Lemma epsvM N x y s : 0 < x -> 0 < y -> epsv N (x * y) s = epsv N x s + epsv N y s.
Proof.
by move=> x0 y0; rewrite /epsv -big_split; apply: eq_bigr => i _; rewrite lognM // mulnDr.
Qed.

Lemma epsv_prime N t s : prime t -> t < N -> epsv N t s = eps s t.
Proof.
move=> pt tN; rewrite /epsv (bigD1 (Ordinal tN)) //= logn_prime // eqxx muln1.
rewrite big1 ?addn0 // => i /andP [_ ne]; rewrite logn_prime //.
by move: ne; rewrite -val_eqE /= => /negbTE ->; rewrite muln0.
Qed.

Definition eps_factor (N x : nat) : nat := \prod_(s < N | prime s) s ^ epsv N x s.

(* Past [N], both [logn s x] and the row [s] of [eps] on the prime factors of
   [x] vanish, so [N] is a valid bound in [eN_rel]. *)
Lemma eN_rel_eps_factor x N : 0 < x -> x < N -> P < N ->
    (forall s t, t <= x -> same_triple SN s t -> s < N) ->
  eN_rel SN Delta P Q 1 0 x (x * eps_factor N x).
Proof.
move=> x_gt0 xN PN mateN; rewrite /eN_rel eqn0Ngt x_gt0 /=; exists N; split.
- move=> s ps Ns; rewrite /expoN mul1n mul0n subn0 ltn_log0 ?addn0 //.
    rewrite big1 // => i _; rewrite eps_row_large ?(leq_trans PN) //.
      exact: leq_trans (ltn_ord i) (leq_trans xN Ns).
    by move/mateN => /(_ (ltn_ord i)); rewrite ltnNge Ns.
  exact: leq_trans xN Ns.
- rewrite mulnC -{2}(prod_prime_logn x_gt0 xN) /eps_factor -big_split /=.
  by apply: eq_bigr => i _; rewrite /expoN mul1n mul0n subn0 (epsv_widen _ xN) expnD.
Qed.
Lemma evals_projections_from j k env ys :
  k + j = length env ->
  evals (map CProj (seq k j)) env ys <-> ys = skipn k env.
Proof.
  revert k ys; induction j as [|j IH]; intros k ys Hk; simpl.
  - rewrite skipn_all2 by lia.
    split; [intro H; inversion H; auto | intros ->; constructor].
  - rewrite skipn_nth_cons by lia. split.
    + intro H; inversion H as [|g gs v y ys' Hy Hys]; subst.
      inversion Hy; subst. f_equal. apply IH; [lia | exact Hys].
    + intros ->. constructor; [constructor; lia | apply IH; [lia | auto]].
Qed.

Lemma evals_projections env ys :
  evals (projections (length env)) env ys <-> ys = env.
Proof. exact (evals_projections_from (length env) 0 env ys eq_refl). Qed.

Lemma compile_sound e n env :
  length env = n -> eval (compile n e) env (peval env e).
Proof.
  revert e n env.
  apply (pexp_mut_ind
    (fun e => forall n env, length env = n -> eval (compile n e) env (peval env e))
    (fun es => forall n env, length env = n ->
                 evals (compiles n es) env (pevals env es))); simpl.
  - intros i n env <-. destruct (Nat.ltb_spec i (length env)).
    + constructor; lia.
    + rewrite nth_overflow by lia. constructor.
  - constructor.
  - intros e IH n env Hn. repeat econstructor. now apply IH.
  - intros m IHm b IHb s IHs n env Hn. econstructor.
    + constructor; [now apply IHm | subst n; now apply evals_projections].
    + induction (peval env m) as [|d IHd]; simpl.
      * constructor. now apply IHb.
      * econstructor; [exact IHd | apply IHs; simpl; lia].
  - intros f IHf es IHes n env Hn. econstructor; [now apply IHes |].
    apply IHf, pevals_length.
  - constructor.
  - intros e IHe es IHes n env Hn. constructor; auto.
Qed.

Lemma compile_deterministic e n env y :
  length env = n -> eval (compile n e) env y -> y = peval env e.
Proof.
  revert e n env y.
  apply (pexp_mut_ind
    (fun e => forall n env y, length env = n ->
                eval (compile n e) env y -> y = peval env e)
    (fun es => forall n env ys, length env = n ->
                 evals (compiles n es) env ys -> ys = pevals env es)); simpl.
  - intros i n env y <- Hev. destruct (Nat.ltb_spec i (length env)).
    + now inversion Hev.
    + inversion Hev. now rewrite nth_overflow by lia.
  - intros n env y _ Hev. now inversion Hev.
  - intros e IH n env y Hn Hev. inversion Hev as [| | |f gs v ys y' Hgs Hf| | |]; subst.
    inversion Hgs as [|g gs' v y1 ys' Hg Hnil]; subst.
    inversion Hnil; subst. inversion Hf; subst. f_equal. eapply IH; eauto.
  - intros m IHm b IHb s IHs n env y Hn Hev.
    inversion Hev as [| | |f gs v ys y' Hgs Hrec| | |]; subst.
    inversion Hgs as [|g gs' v y1 ys' Hm Hproj]; subst.
    apply evals_projections in Hproj; subst.
    apply (IHm _ _ _ eq_refl) in Hm; subst.
    clear Hev Hgs. revert y Hrec. induction (peval env m) as [|d IHd];
      intros y Hrec; inversion Hrec; subst; simpl.
    + eapply IHb; eauto.
    + match goal with H : eval (CRec _ _) _ _ |- _ => apply IHd in H; subst end.
      eapply IHs; eauto.
  - intros f IHf es IHes n env y Hn Hev.
    inversion Hev as [| | |f' gs v ys y' Hgs Hf| | |]; subst.
    apply (IHes _ _ _ eq_refl) in Hgs; subst.
    eapply IHf; [apply pevals_length | eassumption].
  - intros n env ys _ Hev. now inversion Hev.
  - intros e IHe es IHes n env ys Hn Hev. inversion Hev; subst. f_equal; eauto.
Qed.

_ _ _ _ _

[Exercise brief] Keeping every character as it is, restate the lines above that run from the line with "- intros n env y _ Hev. now inversion Hev." through the line with "eapply IHf; [apply", both included, and nothing else.

[Reply to the exercise]
  - intros n env y _ Hev. now inversion Hev.
  - intros e IH n env y Hn Hev. inversion Hev as [| | |f gs v ys y' Hgs Hf| | |]; subst.
    inversion Hgs as [|g gs' v y1 ys' Hg Hnil]; subst.
    inversion Hnil; subst. inversion Hf; subst. f_equal. eapply IH; eauto.
  - intros m IHm b IHb s IHs n env y Hn Hev.
    inversion Hev as [| | |f gs v ys y' Hgs Hrec| | |]; subst.
    inversion Hgs as [|g gs' v y1 ys' Hm Hproj]; subst.
    apply evals_projections in Hproj; subst.
    apply (IHm _ _ _ eq_refl) in Hm; subst.
    clear Hev Hgs. revert y Hrec. induction (peval env m) as [|d IHd];
      intros y Hrec; inversion Hrec; subst; simpl.
    + eapply IHb; eauto.
    + match goal with H : eval (CRec _ _) _ _ |- _ => apply IHd in H; subst end.
      eapply IHs; eauto.
  - intros f IHf es IHes n env y Hn Hev.
    inversion Hev as [| | |f' gs v ys y' Hgs Hf| | |]; subst.
    apply (IHes _ _ _ eq_refl) in Hgs; subst.
    eapply IHf; [apply pevals_length | eassumption].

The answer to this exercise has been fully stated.